Hi there! Use the following identities below to help with your problem.

\large \boxed{sin \theta = tan \theta cos \theta} \\  \large \boxed{tan^{2}  \theta + 1 =  {sec}^{2} \theta}

What we know is our tangent value.
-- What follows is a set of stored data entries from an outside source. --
(* Let $\textsc{mix}$ be a nice mixture with parameter space $\mathcal{W}$ and constant $a>0$, let $n\ge1$, $x^n\in\mathcal{X}^n$, $\mathbf{P}^n$ a sequence of $n$ probability matrices over $\mathcal{P}_+$, and $\mathbf{w}_1\in\mathcal{W}$. For $1\le i\le j\le n$ write $\ell^*(i,j,\textsc{mix}):=\ell^*(x_i^j,\mathbf{P}_i^j,\textsc{mix})$, where $x_i^j=x_i\dots x_j$ and $\mathbf{P}_i^j=\mathbf{P}_i,\dots,\mathbf{P}_j$. The minima below range over all $1\le s\le n$ and all integers $t_1=1<t_2<\dots<t_s<t_{s+1}=n+1$. 1. If $\alpha=2(1-b^{-1})/a$ with $b>1$, then $$\ell(x^n,\textsc{mix-ogd}(\mathbf{w}_1,\alpha,x^n,\mathbf{P}^n))\le\min_{s,t_2,\dots,t_s}\Big[\frac{a b^2\lvert\mathcal{W}\rvert^2}{4(b-1)}\,s + b\sum_{i=1}^s\ell^*(t_i,t_{i+1}-1,\textsc{mix})\Big].$$ 2. If $\alpha=\frac{2}{a}(1+n^{1/2})^{-1}$ and there is a constant $c>0$ such that $\ell^*(y^k,\mathbf{Q}^k,\textsc{mix})\le c\cdot k$ for all lengths $k\ge1$, all $y^k$ over $\mathcal{X}$ and all sequences $\mathbf{Q}^k$ of probability matrices over $\mathcal{P}_+$, then $$\ell(x^n,\textsc{mix-ogd}(\mathbf{w}_1,\alpha,x^n,\mathbf{P}^n))\le\min_{s,t_2,\dots,t_s}\Big[\big(a s\lvert\mathcal{W}\rvert^2+c\big)\sqrt n+\sum_{i=1}^s\ell^*(t_i,t_{i+1}-1,\textsc{mix})\Big].$$
   Context: Let $\mathcal{X}=\{1,\dots,N\}$ with $1<N<\infty$, and $\mathcal{P}_+$ the set of probability distributions on $\mathcal{X}$ with positive probability on every letter. Fix $m>1$. A probability matrix over $\mathcal{P}_+$ is $\mathbf{P}=(\mathbf{p}(1)\cdots\mathbf{p}(N))$ with $\mathbf{p}(x)=(p_1(x),\dots,p_m(x))^{\mathsf T}$, $p_i\in\mathcal{P}_+$. $\ell(x,p):=-\log_2p(x)$. A mixture with parameter space $\mathcal{W}\subseteq\mathbb{R}^m$ maps $(\mathbf{w},\mathbf{P})$, $\mathbf{w}\in\mathcal{W}$, to $\textsc{mix}(\mathbf{w},\mathbf{P})\in\mathcal{P}_+$. It is nice if (1) $\mathcal{W}$ is non-empty, compact, convex; (2) $\mathbf{w}\mapsto\ell(x,\textsc{mix}(\mathbf{w},\mathbf{P}))$ is convex on $\mathcal{W}$ and (3) differentiable, for all $\mathbf{P}$ over $\mathcal{P}_+$, $x\in\mathcal{X}$; (4) there is $a>0$ with $\lvert\nabla_{\mathbf{w}}\ell(x,\textsc{mix}(\mathbf{w},\mathbf{P}))\rvert^2\le a\,\ell(x,\textsc{mix}(\mathbf{w},\mathbf{P}))$ for all $\mathbf{w}\in\mathcal{W}$, $\mathbf{P}$, $x$. $\lvert\mathcal{W}\rvert:=\sup_{\mathbf{u},\mathbf{v}\in\mathcal{W}}\lvert\mathbf{u}-\mathbf{v}\rvert$ (Euclidean diameter). Algorithm $\textsc{mix-ogd}(\mathbf{w}_1,\alpha,x^n,\mathbf{P}^n)$: for $k=1,\dots,n$ code $x_k$ with $\ell(x_k,\textsc{mix}(\mathbf{w}_k,\mathbf{P}_k))$ bits, then $\mathbf{w}_{k+1}=\mathrm{proj}(\mathbf{w}_k-\alpha\nabla_{\mathbf{w}}\ell(x_k,\textsc{mix}(\mathbf{w},\mathbf{P}_k))|_{\mathbf{w}=\mathbf{w}_k};\mathcal{W})$ with $\mathrm{proj}(\mathbf{v};\mathcal{W})=\arg\min_{\mathbf{w}\in\mathcal{W}}\lvert\mathbf{v}-\mathbf{w}\rvert^2$; its code length is $\ell(x^n,\textsc{mix-ogd}(\mathbf{w}_1,\alpha,x^n,\mathbf{P}^n)):=\sum_{k=1}^n\ell(x_k,\textsc{mix}(\mathbf{w}_k,\mathbf{P}_k))$. For a sequence $y^k$ and matrices $\mathbf{Q}^k$: $\ell^*(y^k,\mathbf{Q}^k,\textsc{mix}):=\min_{\mathbf{w}\in\mathcal{W}}\sum_{j=1}^k\ell(y_j,\textsc{mix}(\mathbf{w},\mathbf{Q}_j))$. *)

From HB Require Import structures.
From mathcomp Require Import all_boot all_order all_algebra.
From mathcomp Require Import all_classical all_reals all_analysis.
Set Implicit Arguments. Unset Strict Implicit. Unset Printing Implicit Defensive.
Import Order.TTheory GRing.Theory Num.Theory.
Import numFieldNormedType.Exports.
Local Open Scope classical_set_scope.
Local Open Scope ring_scope.

Section Defs.
Variables (R : realType) (N m : nat).

(* Alphabet X = {1..N} is modelled by 'I_N. *)

Definition posdist (p : 'I_N -> R) : Prop :=
  (forall x, 0 < p x) /\ \sum_(x < N) p x = 1.

(* probability matrix: m x N, row i is p_i in P_+ ; P i x = p_i(x) *)
Definition probmat (P : 'M[R]_(m, N)) : Prop :=
  forall i : 'I_m, posdist (fun x => P i x).

Definition ell (x : 'I_N) (p : 'I_N -> R) : R := - (ln (p x) / ln 2).

Definition enorm (v : 'rV[R]_m) : R := Num.sqrt (\sum_(i < m) v 0 i ^+ 2).

Definition grad (f : 'rV[R]_m -> R) (w : 'rV[R]_m) : 'rV[R]_m :=
  \row_(i < m) ('D_(delta_mx 0 i) f w).

Definition convex_set (W : set 'rV[R]_m) : Prop :=
  forall u v (t : R), W u -> W v -> 0 <= t <= 1 -> W (t *: u + (1 - t) *: v).

Definition convex_on (W : set 'rV[R]_m) (f : 'rV[R]_m -> R) : Prop :=
  forall u v (t : R), W u -> W v -> 0 <= t <= 1 ->
    f (t *: u + (1 - t) *: v) <= t * f u + (1 - t) * f v.

Definition diam (W : set 'rV[R]_m) : R :=
  sup [set enorm (u - v) | u in W & v in W].

(* A mixture is a map mix : R^m -> (m x N probability matrix) -> distribution
   on 'I_N; only its values at w in W (and, for differentiability, near W)
   matter.  nice W mix a: the four conditions with constant a > 0. *)
Definition nice (W : set 'rV[R]_m)
    (mix : 'rV[R]_m -> 'M[R]_(m, N) -> 'I_N -> R) (a : R) : Prop :=
  [/\ W !=set0, compact W & convex_set W] /\
  (forall w P, W w -> probmat P -> posdist (mix w P)) /\
  (forall P x, probmat P -> convex_on W (fun w => ell x (mix w P))) /\
  (forall P x w, probmat P -> W w -> differentiable (fun w => ell x (mix w P)) w) /\
  0 < a /\
  (forall P x w, probmat P -> W w ->
     enorm (grad (fun w => ell x (mix w P)) w) ^+ 2 <= a * ell x (mix w P)).

(* proj(v;W) = argmin_{w in W} |v - w|^2 (exists and is unique for W nonempty,
   compact, convex) *)
Definition proj (W : set 'rV[R]_m) (v : 'rV[R]_m) : 'rV[R]_m :=
  xget 0 [set w | W w /\ forall u, W u -> enorm (v - w) ^+ 2 <= enorm (v - u) ^+ 2].

(* ogd_w W mix w1 alpha x P k = w_{k+1}  (sequences indexed from 1) *)
Fixpoint ogd_w (W : set 'rV[R]_m) (mix : 'rV[R]_m -> 'M[R]_(m, N) -> 'I_N -> R)
    (w1 : 'rV[R]_m) (alpha : R) (x : nat -> 'I_N) (P : nat -> 'M[R]_(m, N))
    (k : nat) : 'rV[R]_m :=
  match k with
  | 0 => w1
  | k'.+1 =>
    let wk := ogd_w W mix w1 alpha x P k' in
    proj W (wk - alpha *: grad (fun w => ell (x k) (mix w (P k))) wk)
  end.

Definition ogd_len (W : set 'rV[R]_m) (mix : 'rV[R]_m -> 'M[R]_(m, N) -> 'I_N -> R)
    (w1 : 'rV[R]_m) (alpha : R) (x : nat -> 'I_N) (P : nat -> 'M[R]_(m, N))
    (n : nat) : R :=
  \sum_(1 <= k < n.+1) ell (x k) (mix (ogd_w W mix w1 alpha x P k.-1) (P k)).

Definition lstar (W : set 'rV[R]_m) (mix : 'rV[R]_m -> 'M[R]_(m, N) -> 'I_N -> R)
    (y : nat -> 'I_N) (Q : nat -> 'M[R]_(m, N)) (i j : nat) : R :=
  inf [set \sum_(i <= k < j.+1) ell (y k) (mix w (Q k)) | w in W].

End Defs.

Definition segmentation (n s : nat) (t : nat -> nat) : Prop :=
  [/\ (1 <= s <= n)%N, t 1%N = 1%N, t s.+1 = n.+1 &
      forall i, (1 <= i <= s)%N -> (t i < t i.+1)%N].

(* For every comparator u in W, one OGD step with step size
   alpha = 2 (1 - 1/b) / a satisfies
     f_k(w_k) <= b f_k(u) + C_b (|w_k - u|^2 - |w_(k+1) - u|^2),
     C_b = a b^2 / (4 (b - 1)):
   the projection onto the convex set W does not increase the distance to u,
   convexity bounds <grad f_k(w_k), u - w_k> by f_k(u) - f_k(w_k), and
   |grad f_k|^2 <= a f_k absorbs the quadratic term.  Summed over one segment
   of a segmentation the distances telescope to at most |W|^2, and minimizing
   over u gives part 1.  Part 2 is part 1 with b = 1 + 1/sqrt n, for which
   C_b <= a sqrt n and (b - 1) sum_i l*(segment i) <= c n / sqrt n. *)

From Pilot Require Import Defs.
From HB Require Import structures.
From mathcomp Require Import all_boot all_order all_algebra.
From mathcomp Require Import all_classical all_reals all_analysis.
From mathcomp Require Import ring lra zify.
Set Implicit Arguments. Unset Strict Implicit. Unset Printing Implicit Defensive.
Import Order.TTheory GRing.Theory Num.Theory.
Import numFieldNormedType.Exports.
Local Open Scope classical_set_scope.
Local Open Scope ring_scope.

Section Euclid.
Variables (R : realType) (m : nat).
Implicit Types (u v w : 'rV[R]_m).

Definition vdot u v : R := \sum_(i < m) u 0 i * v 0 i.
Definition vnorm2 u : R := vdot u u.

Lemma vnorm2_ge0 u : 0 <= vnorm2 u.
Proof. by apply: sumr_ge0 => i _; rewrite -expr2 sqr_ge0. Qed.

Lemma enorm_sqr u : enorm u ^+ 2 = vnorm2 u.
Proof.
rewrite /enorm sqr_sqrtr; last by apply: sumr_ge0 => i _; rewrite sqr_ge0.
by apply: eq_bigr => i _; rewrite expr2.
Qed.

Lemma vdotNr u v : vdot u (- v) = - vdot u v.
Proof. by rewrite /vdot -sumrN; apply: eq_bigr => i _; rewrite mxE mulrN. Qed.

Lemma vdotC u v : vdot u v = vdot v u.
Proof. by apply: eq_bigr => i _; rewrite mulrC. Qed.

Lemma vnorm2N u : vnorm2 (- u) = vnorm2 u.
Proof. by apply: eq_bigr => i _; rewrite !mxE mulrNN. Qed.

Lemma vnorm2DZ u v (t : R) :
  vnorm2 (u + t *: v) = vnorm2 u + 2 * t * vdot u v + t ^+ 2 * vnorm2 v.
Proof.
rewrite /vnorm2 /vdot !mulr_sumr -!big_split /=.
by apply: eq_bigr => i _; rewrite !mxE; ring.
Qed.

Lemma vnorm2B_le u v : vnorm2 (u - v) <= 2 * vnorm2 u + 2 * vnorm2 v.
Proof.
rewrite /vnorm2 /vdot !mulr_sumr -big_split /=; apply: ler_sum => i _.
rewrite !mxE; have := sqr_ge0 (u 0 i + v 0 i); rewrite expr2; nra.
Qed.
(** The Chernoff bound
      P(sum_k sigma_k < 1) <= e^t E[e^(-t sum_k sigma_k)] = e^t prod_k lam_k / (lam_k + t)
                           <= exp (t - sum_k t / (lam_k + t))
    does the work.  Independence is only available on events, so instead of computing the
    expectation we round each sigma_k down to the grid (K+1)^-1 N, where it becomes
    geometric; Rankin's trick over the finitely many grid points gives the same bound up to
    a factor e as soon as sum_k (lam_k + t) <= K + 1.
    For lam_k = k r and t = r L we get sum_(k <= m) t / (lam_k + t) = sum_k L / (k + L)
    >= L log ((m + L + 1) / (L + 1)), which exceeds L (r + 1) when (L + 1) e^(r+1) <= m + L + 1,
    and then the bound is e^(1 - L).  With r = 17 sqrt (log n), m = n^alpha and
    L ~ c3 n^b for some b in [beta, alpha), this condition holds for large n because
    e^(17 sqrt (log n)) = n^o(1). *)

Section ExponentialCells.
Context {R : realType}.
Implicit Types (lam a b : R) (K l : nat).

Lemma exponential_prob_lt0 lam : exponential_prob lam `]-oo, 0[ = 0%E.
Proof.
rewrite /exponential_prob integral0_eq // => x /=; rewrite in_itv /= => x0.
by rewrite lt0_exponential_pdf.
Qed.

Lemma exponential_prob_itv_cc lam a b : 0 <= a -> a < b ->
  exponential_prob lam `[a, b] = (expR (- lam * a) - expR (- lam * b))%:E.
Proof.
move=> a0 ab.
have cexp : continuous (fun z : R^o => expR (- lam * z)).
  move=> z; apply: continuous_comp; last exact: continuous_expR.
  by apply: continuousM => //; exact: cst_continuous.
rewrite /exponential_prob (@continuous_FTC2 _ _ (fun x => - expR (- lam * x))) //.
- by rewrite -EFinD opprK addrC.
- apply: (@continuous_subspaceW R^o _ _ [set` `[0, +oo[%R]).
    by move=> x /=; rewrite !in_itv /= => /andP[ax _]; rewrite (le_trans a0 ax).
  exact: within_continuous_exponential_pdf.
- split.
  + by move=> z _; exact: ex_derive.
  + by apply/cvg_at_right_filter; apply: cvgN; exact: cexp.
  + by apply/cvg_at_left_filter; apply: cvgN; exact: cexp.
- move=> z; rewrite in_itv/= => /andP[az _].
  by apply: derive1_exponential_pdf; rewrite in_itv/= andbT (le_lt_trans a0 az).
Qed.
Lemma disjoint_charseq A B : [disjoint A & B] = disjointb (charseq A) (charseq B).
Proof.
rewrite /disjointb zip_map has_map; apply/pred0P/hasPn => [dAB x _ | ndAB x] /=.
  exact/negbT/dAB.
by apply/negbTE/ndAB; rewrite mem_enum.
Qed.

End Charseq.

Fixpoint bitseqs (m : nat) : seq (seq bool) :=
  if m is m'.+1 then [seq b :: s | b <- [:: true; false], s <- bitseqs m'] else [:: [::]].

Lemma mem_bitseqs s : s \in bitseqs (size s).
Proof. by elim: s => // b s IHs; apply: (allpairs_f (fun b s => b :: s)); case: b. Qed.

Definition T0_triples : seq (nat * nat * nat) :=
  [:: (1, 2, 3); (1, 2, 4); (3, 4, 5); (3, 4, 6); (1, 5, 6);
      (2, 5, 6); (1, 3, 5); (2, 4, 5); (1, 4, 6); (2, 3, 6)].

Definition T0_list : seq {set 'I_6} := [seq tri t.1.1 t.1.2 t.2 | t <- T0_triples].

Definition triple_code (t : nat * nat * nat) : seq bool :=
  [seq [|| i == t.1.1.-1, i == t.1.2.-1 | i == t.2.-1] | i <- iota 0 6].

Definition T0_codes : seq (seq bool) := map triple_code T0_triples.

Lemma charseq_tri a b c : a.-1 < 6 -> b.-1 < 6 -> c.-1 < 6 ->
  charseq (tri a b c) = triple_code (a, b, c).
Proof.
move=> lta ltb ltc; rewrite /charseq /triple_code -val_enum_ord -[RHS]map_comp.
apply: eq_map => i; have eq_inord k : k < 6 -> (i == inord k) = (val i == k).
  by move=> ltk; rewrite -val_eqE /= inordK.
by rewrite /= !inE !eq_inord // orbA.
Qed.

Lemma map_charseq_T0 : [seq charseq X | X <- T0_list] = T0_codes.
Proof. by rewrite /= !charseq_tri. Qed.

Lemma mem_T0 X : (X \in T0) = (X \in T0_list).
Proof. by rewrite !inE /= !orbA. Qed.

Lemma charseq_T0 X : X \in T0 -> charseq X \in T0_codes.
Proof. by rewrite mem_T0 -map_charseq_T0; apply: map_f. Qed.

Lemma uniq_T0_list : uniq T0_list.
Proof. by apply: (@map_uniq _ _ (@charseq _)); rewrite map_charseq_T0. Qed.

Lemma card_T0 : #|T0| = 10.
Proof. by rewrite (eq_card mem_T0) (card_uniqP uniq_T0_list). Qed.

Lemma uniform_T0 : uniform 3 T0.
Proof.
move=> X /charseq_T0 codeX; rewrite -count_charseq; apply/eqP.
by have /allP/(_ _ codeX) : all (fun s => count id s == 3) T0_codes by [].
Qed.

Lemma intersecting_T0 : intersecting T0.
Proof.
move=> X Y /charseq_T0 codeX /charseq_T0 codeY; rewrite disjoint_charseq.
have /allP/(_ _ codeX)/allP/(_ _ codeY) // :
  all (fun s => all (fun t => ~~ disjointb s t) T0_codes) T0_codes by [].
Qed.

Lemma set0_notin_T0 : set0 \notin T0.
Proof. by apply/negP => /uniform_T0; rewrite cards0. Qed.

Lemma card_avoiding_T0 (A : {set 'I_6}) :
  #|avoiding T0 A| = count (disjointb^~ (charseq A)) T0_codes.
Proof.
rewrite -map_charseq_T0 count_map -size_filter.
rewrite -(card_uniqP (filter_uniq _ uniq_T0_list)); apply: eq_card => X.
by rewrite in_avoiding mem_filter mem_T0 andbC /= disjoint_charseq.
Qed.

(* Each point lies in 5 triples of T0 and each pair in 2: 10, 5 and 10 - 5 - 5 + 2. *)
Definition T0_avoid_bound (k : nat) : nat := nth 0 [:: 10; 5; 2] k.

Lemma avoiding_T0_ge (A : {set 'I_6}) : T0_avoid_bound #|A| <= #|avoiding T0 A|.
Proof.
rewrite card_avoiding_T0 -count_charseq.
have := mem_bitseqs (charseq A); rewrite size_charseq card_ord.
move: (charseq A); apply/allP; by vm_compute.
Qed.

Lemma hitting_T0_ge (C : {set 'I_6}) : hitting T0 C -> 3 <= #|C|.
Proof.
rewrite hittingE -cards_eq0 => /eqP avoid0; have := avoiding_T0_ge C.
by rewrite avoid0; case: #|C| => [|[|[|]]].
Qed.

Lemma sum_pair_products_ge (a : 'I_3 -> nat) : \sum_i a i = 5 ->
  20 <= \sum_k \prod_(i | i != k) T0_avoid_bound (a i).
Proof.
rewrite !big_ord_recl !big_ord0; do 3 rewrite big_mkcond !big_ord_recl big_ord0 /=.
move: (a _) (a _) (a _) => x y z.
by case: x => [|[|[|x]]]; case: y => [|[|[|y]]]; case: z => [|[|[|z]]];
  rewrite /T0_avoid_bound /=; lia.
Qed.

Lemma card_avoiding_F0 S :
  #|avoiding F0 S| = \sum_k \prod_(i | i != k) #|avoiding T0 (slice i S)|.
Proof. by rewrite card_avoiding_wreath ?set0_notin_T0 // sum_binom_set_pred. Qed.

Lemma uniform_F0 : uniform 6 F0.
Proof. exact: uniform_wreath uniform_T0 (@uniform_binom_set 3 2). Qed.

Lemma intersecting_F0 : intersecting F0.
Proof. exact: intersecting_wreath intersecting_T0 (@intersecting_binom_set 3 2 isT). Qed.

Lemma card_F0 : #|F0| = 300.
Proof.
by rewrite (card_wreath set0_notin_T0 (@uniform_binom_set 3 2)) card_T0 card_draws card_ord.
Qed.

Lemma tau_F0 : tau F0 = 6.
Proof.
apply/eqP; rewrite eqn_leq; apply/andP; split.
  have T0_C : tri 1 2 3 \in T0 by rewrite !inE eqxx.
  have B_Bs : ~: [set ord0] \in binom_set 3 2 by rewrite inE cardsC1 card_ord.
  have hitF0 := hitting_wreath_setX (intersecting_hitting intersecting_T0 T0_C)
    (intersecting_hitting (@intersecting_binom_set 3 2 isT) B_Bs).
  by rewrite (leq_trans (tau_le_hitting hitF0)) // cardsX (uniform_T0 T0_C) cardsC1 card_ord.
apply: tau_ge => [|S]; first by rewrite card_prod !card_ord.
exact: hitting_wreath_ge set0_notin_T0 hitting_T0_ge (@hitting_binom_set_pred 2).
Qed.

Lemma gamma_F0 : 20 <= gamma 5 F0.
Proof.
apply: gamma_ge => [|S cardS]; first by rewrite card_F0.
rewrite card_avoiding_F0.
apply: leq_trans (sum_pair_products_ge (a := fun i => #|slice i S|) _) _.
  by rewrite -card_slices.
by apply: leq_sum => k _; apply: leq_prod => i _; apply: avoiding_T0_ge.
Qed.

Theorem proposition5p8 :
  m_ge 5 6 20 /\
  [/\ uniform 6 F0, #|F0| = 300, intersecting F0, tau F0 = 6 & 20 <= gamma 5 F0].
Proof.
split; last by split; [exact: uniform_F0 | exact: card_F0 | exact: intersecting_F0
                    | exact: tau_F0 | exact: gamma_F0].
exists ('I_3 * 'I_6)%type, F0.
by split; [exact: uniform_F0 | exact: intersecting_F0 | exact: tau_F0 | exact: gamma_F0].
Qed.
We are going to use the tan²θ+1 = sec²θ to find the value of cosθ. Substitute tanθ = 4 in the second identity.

\large{ {4}^{2}  + 1 =  {sec}^{2} \theta } \\  \large{16 + 1 =  {sec}^{2} \theta } \\  \large{ {sec}^{2}  \theta = 17}

As we know, sec²θ = 1/cos²θ.

\large \boxed{sec \theta =   \frac{1}{cos \theta} } \\  \large \boxed{ {sec}^{2}  \theta =  \frac{1}{ {cos}^{2}  \theta} }

And thus,

\large{  {cos}^{2}  \theta =  \frac{1}{17}}   \\ \large{cos \theta =  \frac{ \sqrt{1} }{ \sqrt{17} } } \\  \large{cos \theta =  \frac{1}{ \sqrt{17} }  \longrightarrow  \frac{ \sqrt{17} }{17} }

Since the given domain is 180° < θ < 360°. Thus, the cosθ < 0.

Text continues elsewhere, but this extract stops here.